▶ **Directions for this task**:
Nothing but the records beneath, reproduced exactly, should appear in the answer.

▶ **Input for this task**:
(* Let $M(k,l,m,n)=\langle x,y \mid y^m=x^l,\ x^n=1,\ y^{-1}xy=x^k\rangle$ be a metacyclic group, where $\gcd(n,k)=1$, $k^m\equiv 1 \pmod n$ and $l(k-1)\equiv 0\pmod n$. Let $I$ be a set of integers containing exactly one representative of each orbit of the action of $K=\langle y\rangle$ on $\mathbb{Z}/n$ given by $y\cdot u=ku$, and for $a\in I$ let $Ka=\{ak^i \bmod n: i\ge 0\}$. For $a,b,c\in I$ let $S(a,b,c)=|\{(r,s)\in Ka\times Kb : r+s\equiv c\pmod n\}|$. If $a,b,c\in I$ satisfy $S(a,b,c)\neq 0$, then $$\Big\{\frac{al}{n}\Big\}+\Big\{\frac{bl}{n}\Big\}-\Big\{\frac{cl}{n}\Big\}$$ is an integer, where $\{t\}$ denotes the fractional part of $t$. *)

From mathcomp Require Import all_boot all_order all_algebra.
From mathcomp Require Import boolp.
Set Implicit Arguments. Unset Strict Implicit. Unset Printing Implicit Defensive.
Import Order.TTheory GRing.Theory Num.Theory.
Local Open Scope ring_scope.

Definition Korbit (n : nat) (k a : int) : {set 'I_n} :=
  [set r : 'I_n | `[< exists i : nat, (r%:Z = (a * k ^+ i) %% n%:Z)%Z >]].

Definition Scount (n : nat) (k a b c : int) : nat :=
  #|[set rs : 'I_n * 'I_n |
      [&& rs.1 \in Korbit n k a, rs.2 \in Korbit n k b &
          (((rs.1 : nat) + (rs.2 : nat))%:Z == c %[mod n%:Z])%Z]]|.

Definition orbit_transversal (n : nat) (k : int) (I : int -> Prop) : Prop :=
  forall u : int, exists! a : int,
    I a /\ exists i : nat, (u = a * k ^+ i %[mod n%:Z])%Z.

Definition frac_part (t : rat) : rat := t - (Num.floor t)%:~R.

(* The map u |-> u l (mod n) is constant on the K-orbits, because
   l k - l = l (k - 1) is divisible by n.  Hence a solution r + s = c with
   r in Ka and s in Kb gives a l + b l = c l (mod n), so al/n + bl/n - cl/n is
   an integer, and so is the same combination of fractional parts.  Only the
   condition l (k - 1) = 0 (mod n) is used. *)

From mathcomp Require Import all_boot all_order all_algebra.
From mathcomp Require Import boolp ring.
Import Order.TTheory GRing.Theory Num.Theory.
Local Open Scope ring_scope.

Lemma dvdz_mul_expr_sub1 {d l k : int} (i : nat) :
  (d %| l * (k - 1))%Z -> (d %| l * (k ^+ i - 1))%Z.
Proof. by move=> dvd_l; rewrite subrX1 mulrA dvdz_mulr. Qed.

Lemma Korbit_mulr_eqz {n : nat} {k l a : int} {r : 'I_n} :
  (n%:Z %| l * (k - 1))%Z -> r \in Korbit n k a ->
  (r%:Z * l = a * l %[mod n%:Z])%Z.
Proof.
move=> dvd_l; rewrite inE => /asboolP [i ->].
apply/eqP; rewrite modzMml eqz_mod_dvd.
have -> : a * k ^+ i * l - a * l = a * (l * (k ^+ i - 1)) by ring.
by rewrite dvdz_mull // dvdz_mul_expr_sub1.
Qed.

Lemma Scount_neq0_dvdz {n : nat} {k l a b c : int} :
  (n%:Z %| l * (k - 1))%Z -> Scount n k a b c <> 0%N ->
  (n%:Z %| a * l + b * l - c * l)%Z.
Proof.
move=> dvd_l /eqP; rewrite -lt0n => /card_gt0P [[r s]].
rewrite inE /= => /and3P [r_orb s_orb /eqP rs_c].
rewrite -eqz_mod_dvd -(modzDm (a * l)).
rewrite -(Korbit_mulr_eqz dvd_l r_orb) -(Korbit_mulr_eqz dvd_l s_orb) modzDm.
by rewrite -mulrDl -modzMml -PoszD rs_c modzMml.
Qed.

Lemma frac_part_addB_int {s t u : rat} (z : int) :
  s + t - u = z%:~R ->
  exists w : int, frac_part s + frac_part t - frac_part u = w%:~R.
Proof.
move=> stu_z; exists (z - Num.floor s - Num.floor t + Num.floor u).
by rewrite /frac_part !(intrD, intrB) -stu_z; ring.
Qed.

Theorem mainTheorem2 (k l : int) (m n : nat) (I : int -> Prop)
  (hn : (0 < n)%N)
  (hcop : coprimez n%:Z k)
  (hkm : (k ^+ m = 1 %[mod n%:Z])%Z)
  (hl : (l * (k - 1) = 0 %[mod n%:Z])%Z)
  (hI : orbit_transversal n k I)
  (a b c : int) (ha : I a) (hb : I b) (hc : I c)
  (hS : Scount n k a b c <> 0%N) :
  exists z : int,
    frac_part (((a * l)%:~R : rat) / n%:R) + frac_part (((b * l)%:~R : rat) / n%:R)
      - frac_part (((c * l)%:~R : rat) / n%:R) = z%:~R :> rat.
Proof.
have dvd_l : (n%:Z %| l * (k - 1))%Z by apply/dvdz_mod0P; rewrite hl mod0z.
have /dvdzP [q abc_q] := Scount_neq0_dvdz dvd_l hS.
apply: (frac_part_addB_int q).
have n_neq0 : (n%:R : rat) != 0 by rewrite pnatr_eq0 -lt0n.
apply: (mulIf n_neq0); rewrite -[q%:~R * _](intrM _ q n) -abc_q !(intrD, intrB).
by field.
Qed.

▶ **Written response**:
(* Let $M(k,l,m,n)=\langle x,y \mid y^m=x^l,\ x^n=1,\ y^{-1}xy=x^k\rangle$ be a metacyclic group, where $\gcd(n,k)=1$, $k^m\equiv 1 \pmod n$ and $l(k-1)\equiv 0\pmod n$. Let $I$ be a set of integers containing exactly one representative of each orbit of the action of $K=\langle y\rangle$ on $\mathbb{Z}/n$ given by $y\cdot u=ku$, and for $a\in I$ let $Ka=\{ak^i \bmod n: i\ge 0\}$. For $a,b,c\in I$ let $S(a,b,c)=|\{(r,s)\in Ka\times Kb : r+s\equiv c\pmod n\}|$. If $a,b,c\in I$ satisfy $S(a,b,c)\neq 0$, then $$\Big\{\frac{al}{n}\Big\}+\Big\{\frac{bl}{n}\Big\}-\Big\{\frac{cl}{n}\Big\}$$ is an integer, where $\{t\}$ denotes the fractional part of $t$. *)

From mathcomp Require Import all_boot all_order all_algebra.
From mathcomp Require Import boolp.
Set Implicit Arguments. Unset Strict Implicit. Unset Printing Implicit Defensive.
Import Order.TTheory GRing.Theory Num.Theory.
Local Open Scope ring_scope.

Definition Korbit (n : nat) (k a : int) : {set 'I_n} :=
  [set r : 'I_n | `[< exists i : nat, (r%:Z = (a * k ^+ i) %% n%:Z)%Z >]].

Definition Scount (n : nat) (k a b c : int) : nat :=
  #|[set rs : 'I_n * 'I_n |
      [&& rs.1 \in Korbit n k a, rs.2 \in Korbit n k b &
          (((rs.1 : nat) + (rs.2 : nat))%:Z == c %[mod n%:Z])%Z]]|.

Definition orbit_transversal (n : nat) (k : int) (I : int -> Prop) : Prop :=
  forall u : int, exists! a : int,
    I a /\ exists i : nat, (u = a * k ^+ i %[mod n%:Z])%Z.

Definition frac_part (t : rat) : rat := t - (Num.floor t)%:~R.

(* The map u |-> u l (mod n) is constant on the K-orbits, because
   l k - l = l (k - 1) is divisible by n.  Hence a solution r + s = c with
   r in Ka and s in Kb gives a l + b l = c l (mod n), so al/n + bl/n - cl/n is
   an integer, and so is the same combination of fractional parts.  Only the
   condition l (k - 1) = 0 (mod n) is used. *)

From mathcomp Require Import all_boot all_order all_algebra.
From mathcomp Require Import boolp ring.
Import Order.TTheory GRing.Theory Num.Theory.
Local Open Scope ring_scope.

Lemma dvdz_mul_expr_sub1 {d l k : int} (i : nat) :
  (d %| l * (k - 1))%Z -> (d %| l * (k ^+ i - 1))%Z.
Proof. by move=> dvd_l; rewrite subrX1 mulrA dvdz_mulr. Qed.

Lemma Korbit_mulr_eqz {n : nat} {k l a : int} {r : 'I_n} :
  (n%:Z %| l * (k - 1))%Z -> r \in Korbit n k a ->
  (r%:Z * l = a * l %[mod n%:Z])%Z.
Proof.
move=> dvd_l; rewrite inE => /asboolP [i ->].
apply/eqP; rewrite modzMml eqz_mod_dvd.
have -> : a * k ^+ i * l - a * l = a * (l * (k ^+ i - 1)) by ring.
by rewrite dvdz_mull // dvdz_mul_expr_sub1.
Qed.

Lemma Scount_neq0_dvdz {n : nat} {k l a b c : int} :
  (n%:Z %| l * (k - 1))%Z -> Scount n k a b c <> 0%N ->
  (n%:Z %| a * l + b * l - c * l)%Z.
Proof.
move=> dvd_l /eqP; rewrite -lt0n => /card_gt0P [[r s]].
rewrite inE /= => /and3P [r_orb s_orb /eqP rs_c].
rewrite -eqz_mod_dvd -(modzDm (a * l)).
rewrite -(Korbit_mulr_eqz dvd_l r_orb) -(Korbit_mulr_eqz dvd_l s_orb) modzDm.
by rewrite -mulrDl -modzMml -PoszD rs_c modzMml.
Qed.

Lemma frac_part_addB_int {s t u : rat} (z : int) :
  s + t - u = z%:~R ->
  exists w : int, frac_part s + frac_part t - frac_part u = w%:~R.
Proof.
move=> stu_z; exists (z - Num.floor s - Num.floor t + Num.floor u).
by rewrite /frac_part !(intrD, intrB) -stu_z; ring.
Qed.

Theorem mainTheorem2 (k l : int) (m n : nat) (I : int -> Prop)
  (hn : (0 < n)%N)
  (hcop : coprimez n%:Z k)
  (hkm : (k ^+ m = 1 %[mod n%:Z])%Z)
  (hl : (l * (k - 1) = 0 %[mod n%:Z])%Z)
  (hI : orbit_transversal n k I)
  (a b c : int) (ha : I a) (hb : I b) (hc : I c)
  (hS : Scount n k a b c <> 0%N) :
  exists z : int,
    frac_part (((a * l)%:~R : rat) / n%:R) + frac_part (((b * l)%:~R : rat) / n%:R)
      - frac_part (((c * l)%:~R : rat) / n%:R) = z%:~R :> rat.
Proof.
have dvd_l : (n%:Z %| l * (k - 1))%Z by apply/dvdz_mod0P; rewrite hl mod0z.
have /dvdzP [q abc_q] := Scount_neq0_dvdz dvd_l hS.
apply: (frac_part_addB_int q).
have n_neq0 : (n%:R : rat) != 0 by rewrite pnatr_eq0 -lt0n.
apply: (mulIf n_neq0); rewrite -[q%:~R * _](intrM _ q n) -abc_q !(intrD, intrB).
by field.
Qed.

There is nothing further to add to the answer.